Nove sobbalzò, sfiorando con la mano un frammento della pergamena, che si staccò dagli altri. Le lettere che componevano la scritta iniziarono a svanire. Nove afferrò in fretta e furia i pezzetti di carta e li rimise nella teiera. Dalla porta fece capolino il volto di Basito, incorniciato da una cascata di riccioli castano ramati che spuntavano dal cappello a punta color indaco. “Madamigella? Ah! Eccovi”, disse, tamburellando con le dita sull’uscio. Entrò e si guardò intorno. Una luce argentea scintillò nei suoi occhi azzurri, che avevano qualcosa di antico. “Era davvero... in gamba. È proprio un peccato che...” Lo scintillio nei suoi occhi si affievolì. “Che cosa?” chiese Nove a bassa voce. Doveva procedere con cautela. Gli rivolse uno sguardo indagatore, alla ricerca di indizi. “Vai avanti. Cosa mi stai nascondendo?” Basito alzò le spalle e i suoi occhi divennero ancora più tristi di prima. “Immagino che tutti abbiano dei segreti, no?” Nove non disse nulla, ma l’immagine della pergamena strappata era ancora così vivida nella sua mente che temeva che Basito potesse scorgerla. Fece scivolare la mano davanti alla teiera per coprirla. 17


E se mamma non avesse voluto che Basito venisse a sapere della pergamena? Devo tenere il segreto per me? Rivelarglielo? Devo fidarmi di lui? Basito si schiarì la gola spolverandosi il pigiama color indaco. “Anche se non era certo un segreto che fosse affezionata a quell’adorabile teppistello blu. Le creature di quel genere possono vivere decenni.” Nove percepì nell’aria una zaffata di qualcosa di terroso e speziato ed ebbe un tuffo al cuore. Oh, no... “Volevo mettervi in guardia”, disse Basito a disagio. “Eric sta cercando di porre rimedio al furto della vostra colazione facendovi dei pancake.” Al pensiero del beneamato domestico troll intento a preparare quei pancake grigi, grumosi e ripieni di ossa, le spalle di Nove si afflosciarono. “E non hai tentato di dissuaderlo?” “Be’, Madamigella, sapete bene com’è fatto”, esclamò Basito. “Era tutto contento di potervi aiutare. E sta...” Il mago fece una smorfia. “Sta sperimentando un nuovo ingrediente.” Nove sospirò. Eric era di gran lunga il miglior troll che avesse mai conosciuto in vita sua, ma anche il peggior cuoco. 18


“Tua sorella ha parecchi misfatti di cui rispondere.
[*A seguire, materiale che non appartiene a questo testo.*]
Lemma ffun_decrK u b : (0 < b u)%N -> ffun_incr u (ffun_decr u b) = b.
Proof.
move=> bu; apply/ffunP => v; rewrite !ffunE; case: eqP => [->|//].
apply/val_inj => /=; have := ltn_ord (b u) => bN.
rewrite (@inordK N (b u).-1); last lia.
by rewrite prednK // inordK.
Qed.

Lemma ffun_incrK u a : (a u < N)%N -> ffun_decr u (ffun_incr u a) = a.
Proof.
move=> aN; apply/ffunP => v; rewrite ffunE; case: (eqVneq v u) => [->|vu].
  by apply/val_inj; rewrite /= ffun_incr_at // inordK //=; lia.
exact: ffun_incr_neq.
Qed.

Lemma ffun_incr_sum u a : (a u < N)%N ->
  (\sum_v ffun_incr u a v = (\sum_v a v).+1)%N.
Proof.
move=> aN; rewrite (bigD1 u) //= [in RHS](bigD1 u) //= ffun_incr_at // addSn.
by congr (_.+1 + _)%N; apply: eq_bigr => v vu; rewrite ffun_incr_neq.
Qed.

Lemma ffun_incr_prod (R : comRingType) u a (F : 'I_l -> nat -> R) : (a u < N)%N ->
  \prod_v F v (ffun_incr u a v) = F u (a u).+1 * \prod_(v | v != u) F v (a v).
Proof.
move=> aN; rewrite (bigD1 u) //= ffun_incr_at //; congr (_ * _).
by apply: eq_bigr => v vu; rewrite ffun_incr_neq.
Qed.

Lemma multinomial_coefS (R : realType) s a : (\sum_v a v)%N = s.+1 ->
  multinomial_coef R s.+1 (fun v => a v) =
  \sum_u (a u)%:R * multinomial_coef R s (fun v => a v).
Proof.
by move=> sa; rewrite -big_distrl /= -natr_sum sa /multinomial_coef factS natrM mulrA.
Qed.

Lemma multinomial_coef_incr (R : realType) u s a :
  (\sum_v a v)%N = s -> (a u < N)%N ->
  (ffun_incr u a u)%:R * multinomial_coef R s (fun v => ffun_incr u a v) =
  multinomial_coef R s (fun v => a v).
Proof.
move=> sa aN; rewrite /multinomial_coef ffun_incr_at //.
rewrite (@ffun_incr_prod R u a (fun _ n => n`!%:R)) // [in RHS](bigD1 u) //=.
have fact_neq0 n : (n`!%:R : R) != 0 by rewrite pnatr_eq0 -lt0n fact_gt0.
have prod_neq0 : \prod_(v | v != u) ((a v)`!%:R : R) != 0.
  by rewrite prodf_seq_neq0; apply/allP => v _; apply/implyP => _.
rewrite factS natrM; field.
by rewrite prod_neq0 fact_neq0 addrC natr1 pnatr_eq0.
Qed.

(* The bound [N >= s] on the exponents lets the induction on [s] stay in one
   index type; the theorem is used with [N = s]. *)
Lemma multinomial_theorem {R : realType} (y : 'I_l -> R) s : (s <= N)%N ->
  (\sum_u y u) ^+ s =
  \sum_(a : {ffun 'I_l -> 'I_N.+1} | (\sum_u a u)%N == s)
    multinomial_coef R s (fun u => a u) * \prod_u y u ^+ a u.
Proof.
elim: s => [_|s IH sN].
  rewrite expr0 (big_pred1 [ffun => ord0]); last first.
    move=> a /=; rewrite sum_nat_eq0; apply/forallP/eqP => [a0|->].
      by apply/ffunP => v; rewrite ffunE; apply/val_inj/eqP/a0.
    by move=> v; rewrite ffunE.
  by rewrite /multinomial_coef !big1 ?divr1 ?mul1r // => v _; rewrite ffunE ?expr0.
rewrite exprS (IH (ltnW sN)) big_distrl /=.
under eq_bigr do rewrite big_distrr /=.
under [RHS]eq_bigr => b /eqP sb do rewrite multinomial_coefS // big_distrl /=.
rewrite [RHS]exchange_big /=; apply: eq_bigr => u _.
rewrite [RHS](bigID (fun b => (0 < b u)%N)) /= [X in _ + X]big1 ?addr0; last first.
  by move=> b /andP[_]; rewrite lt0n negbK => /eqP ->; rewrite !mul0r.
rewrite [RHS](reindex_onto (ffun_incr u) (ffun_decr u)) /=; last first.
  by move=> b /andP[_]; exact: ffun_decrK.
have le_sum a : (a u <= \sum_v a v)%N by rewrite (bigD1 u) //= leq_addr.
apply: eq_big => a.
  case: (ltnP (a u) N) => aN.
    by rewrite ffun_incr_sum // ffun_incr_at // ffun_incrK // eqxx eqSS !andbT.
  rewrite ffun_incr_at_max //= andbF; apply/negbTE/eqP => sa.
  by have := le_sum a; rewrite sa; lia.
move=> /eqP sa; have aN : (a u < N)%N by have := le_sum a; rewrite sa; lia.
rewrite multinomial_coef_incr // (@ffun_incr_prod R u a (fun v n => y v ^+ n)) //.
rewrite [in LHS](bigD1 u) //= exprS; ring.
Qed.
End Multinomial.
Non posso credere che abbia tradotto tutti i ricettari di Eric nella lingua dei nani e li abbia lasciati così. In fin dei conti abbiamo spezzato la maledizione della Casa in modo corretto”, brontolò Nove. “Sì, be’, non credo che la correttezza rientri tra le doti di mia sorella.” “La furbizia invece sì”, disse Nove, sapendo che quell’osservazione avrebbe infastidito il mago. “In realtà è soltanto un incubo”, ribatté Basito. La ragazza sentì la superficie fredda della teiera contro il palmo sudaticcio. Basito non aveva riconosciuto quell’oggetto appartenuto a sua madre. E Nove era ormai sempre più convinta che mamma non si fidasse di lui, qualunque fosse il suo segreto. Quindi forse anche lei doveva stare in guardia. “Madamigella?” chiese Basito guardandola con un misto di curiosità e nervosismo. “Non avrete ricominciato a… pensare, vero?” “Be’, qualcuno di noi deve pur farlo”, replicò Nove. Mise da parte dubbi e sensi di colpa e raccolse da terra la sua borsa. Poi si diresse verso la porta e afferrò Basito per la manica. “Madamigella?” fece lui sorpreso, mentre la ragazza lo trascinava verso le scale traballanti. 19


“Se devo mangiare quei pancake alle ossa, non lo farò certo da sola”, replicò Nove. Lo condusse giù per la scalinata rivestita dal tappeto color prugna in direzione di quel bizzarro aroma terroso e speziato, ignorando in modo deliberato il gomitolo di lana blu che con la coda dell’occhio vide sfrecciare via, tutto compiaciuto.